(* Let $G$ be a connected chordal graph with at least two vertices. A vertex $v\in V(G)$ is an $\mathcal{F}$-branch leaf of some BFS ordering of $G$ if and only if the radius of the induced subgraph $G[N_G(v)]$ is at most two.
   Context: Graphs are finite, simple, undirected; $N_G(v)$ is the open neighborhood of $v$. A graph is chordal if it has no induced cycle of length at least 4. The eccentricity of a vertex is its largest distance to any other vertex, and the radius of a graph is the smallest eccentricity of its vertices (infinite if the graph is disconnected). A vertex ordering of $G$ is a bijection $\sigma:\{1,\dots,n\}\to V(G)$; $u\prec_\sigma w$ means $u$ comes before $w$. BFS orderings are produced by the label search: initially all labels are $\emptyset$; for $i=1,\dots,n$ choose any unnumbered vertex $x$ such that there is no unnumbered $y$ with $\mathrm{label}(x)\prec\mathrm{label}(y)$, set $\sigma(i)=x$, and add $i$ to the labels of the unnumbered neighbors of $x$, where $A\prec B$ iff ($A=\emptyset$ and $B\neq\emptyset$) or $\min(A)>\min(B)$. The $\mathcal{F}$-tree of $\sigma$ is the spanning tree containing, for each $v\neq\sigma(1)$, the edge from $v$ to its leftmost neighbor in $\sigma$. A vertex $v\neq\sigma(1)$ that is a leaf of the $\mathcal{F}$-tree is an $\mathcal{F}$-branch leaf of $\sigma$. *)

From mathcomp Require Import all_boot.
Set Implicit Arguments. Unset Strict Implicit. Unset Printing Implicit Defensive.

--*--

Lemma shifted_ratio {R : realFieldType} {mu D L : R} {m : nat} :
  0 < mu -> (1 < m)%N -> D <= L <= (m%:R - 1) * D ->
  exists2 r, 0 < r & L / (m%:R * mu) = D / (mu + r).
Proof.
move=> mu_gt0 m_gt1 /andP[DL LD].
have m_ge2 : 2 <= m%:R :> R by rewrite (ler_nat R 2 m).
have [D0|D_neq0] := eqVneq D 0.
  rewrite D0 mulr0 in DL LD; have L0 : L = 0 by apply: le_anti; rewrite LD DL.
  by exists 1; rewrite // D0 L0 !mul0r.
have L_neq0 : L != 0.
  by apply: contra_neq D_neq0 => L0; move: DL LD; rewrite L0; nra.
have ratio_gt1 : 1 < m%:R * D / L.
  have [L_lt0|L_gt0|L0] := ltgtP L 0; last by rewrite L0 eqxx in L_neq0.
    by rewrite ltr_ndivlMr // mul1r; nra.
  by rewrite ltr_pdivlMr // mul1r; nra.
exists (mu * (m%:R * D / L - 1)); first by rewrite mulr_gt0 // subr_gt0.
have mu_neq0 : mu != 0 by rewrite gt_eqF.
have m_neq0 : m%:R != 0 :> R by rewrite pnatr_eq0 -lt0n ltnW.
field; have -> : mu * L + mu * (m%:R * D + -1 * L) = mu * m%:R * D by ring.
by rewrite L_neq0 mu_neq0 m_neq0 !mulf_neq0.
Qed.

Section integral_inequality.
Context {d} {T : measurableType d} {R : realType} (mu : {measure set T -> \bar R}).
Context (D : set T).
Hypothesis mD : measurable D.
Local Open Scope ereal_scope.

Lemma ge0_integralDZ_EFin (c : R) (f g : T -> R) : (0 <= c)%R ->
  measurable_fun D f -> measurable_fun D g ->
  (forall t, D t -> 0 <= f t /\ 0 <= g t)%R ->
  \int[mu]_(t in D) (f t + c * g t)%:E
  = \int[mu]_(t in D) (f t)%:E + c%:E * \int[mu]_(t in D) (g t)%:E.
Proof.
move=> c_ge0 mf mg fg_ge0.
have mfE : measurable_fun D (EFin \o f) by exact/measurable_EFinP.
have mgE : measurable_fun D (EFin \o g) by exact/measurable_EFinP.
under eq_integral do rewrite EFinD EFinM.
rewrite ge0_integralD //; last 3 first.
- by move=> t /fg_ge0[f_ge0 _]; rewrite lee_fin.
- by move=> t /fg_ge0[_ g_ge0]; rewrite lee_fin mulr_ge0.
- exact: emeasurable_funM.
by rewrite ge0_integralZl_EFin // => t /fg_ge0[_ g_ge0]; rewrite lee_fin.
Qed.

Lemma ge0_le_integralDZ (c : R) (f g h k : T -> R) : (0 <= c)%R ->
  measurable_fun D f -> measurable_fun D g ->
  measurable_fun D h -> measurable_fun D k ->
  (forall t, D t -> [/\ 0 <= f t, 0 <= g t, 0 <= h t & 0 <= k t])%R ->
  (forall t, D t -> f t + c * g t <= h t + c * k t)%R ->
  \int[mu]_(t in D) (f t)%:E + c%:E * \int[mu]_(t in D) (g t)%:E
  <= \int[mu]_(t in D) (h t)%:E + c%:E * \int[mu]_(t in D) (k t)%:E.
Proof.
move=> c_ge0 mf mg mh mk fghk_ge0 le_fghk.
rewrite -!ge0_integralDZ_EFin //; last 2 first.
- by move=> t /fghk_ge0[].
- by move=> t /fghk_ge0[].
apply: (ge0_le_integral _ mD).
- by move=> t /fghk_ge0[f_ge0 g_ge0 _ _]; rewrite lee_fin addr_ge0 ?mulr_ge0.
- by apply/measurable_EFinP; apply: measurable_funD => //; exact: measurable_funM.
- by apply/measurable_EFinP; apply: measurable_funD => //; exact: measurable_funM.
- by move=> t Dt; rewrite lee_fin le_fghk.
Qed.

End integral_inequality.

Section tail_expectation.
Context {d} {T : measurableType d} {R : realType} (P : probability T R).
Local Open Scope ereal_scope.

--*--

All lines in the data above from the one with "(forall t, D t -> f" through the one with "move=> c_ge0 mf mg mh mk fghk_ge0 le_fghk." must be repeated exactly, and no others.

SOLUTION BELOW ::
  (forall t, D t -> f t + c * g t <= h t + c * k t)%R ->
  \int[mu]_(t in D) (f t)%:E + c%:E * \int[mu]_(t in D) (g t)%:E
  <= \int[mu]_(t in D) (h t)%:E + c%:E * \int[mu]_(t in D) (k t)%:E.
Proof.
move=> c_ge0 mf mg mh mk fghk_ge0 le_fghk.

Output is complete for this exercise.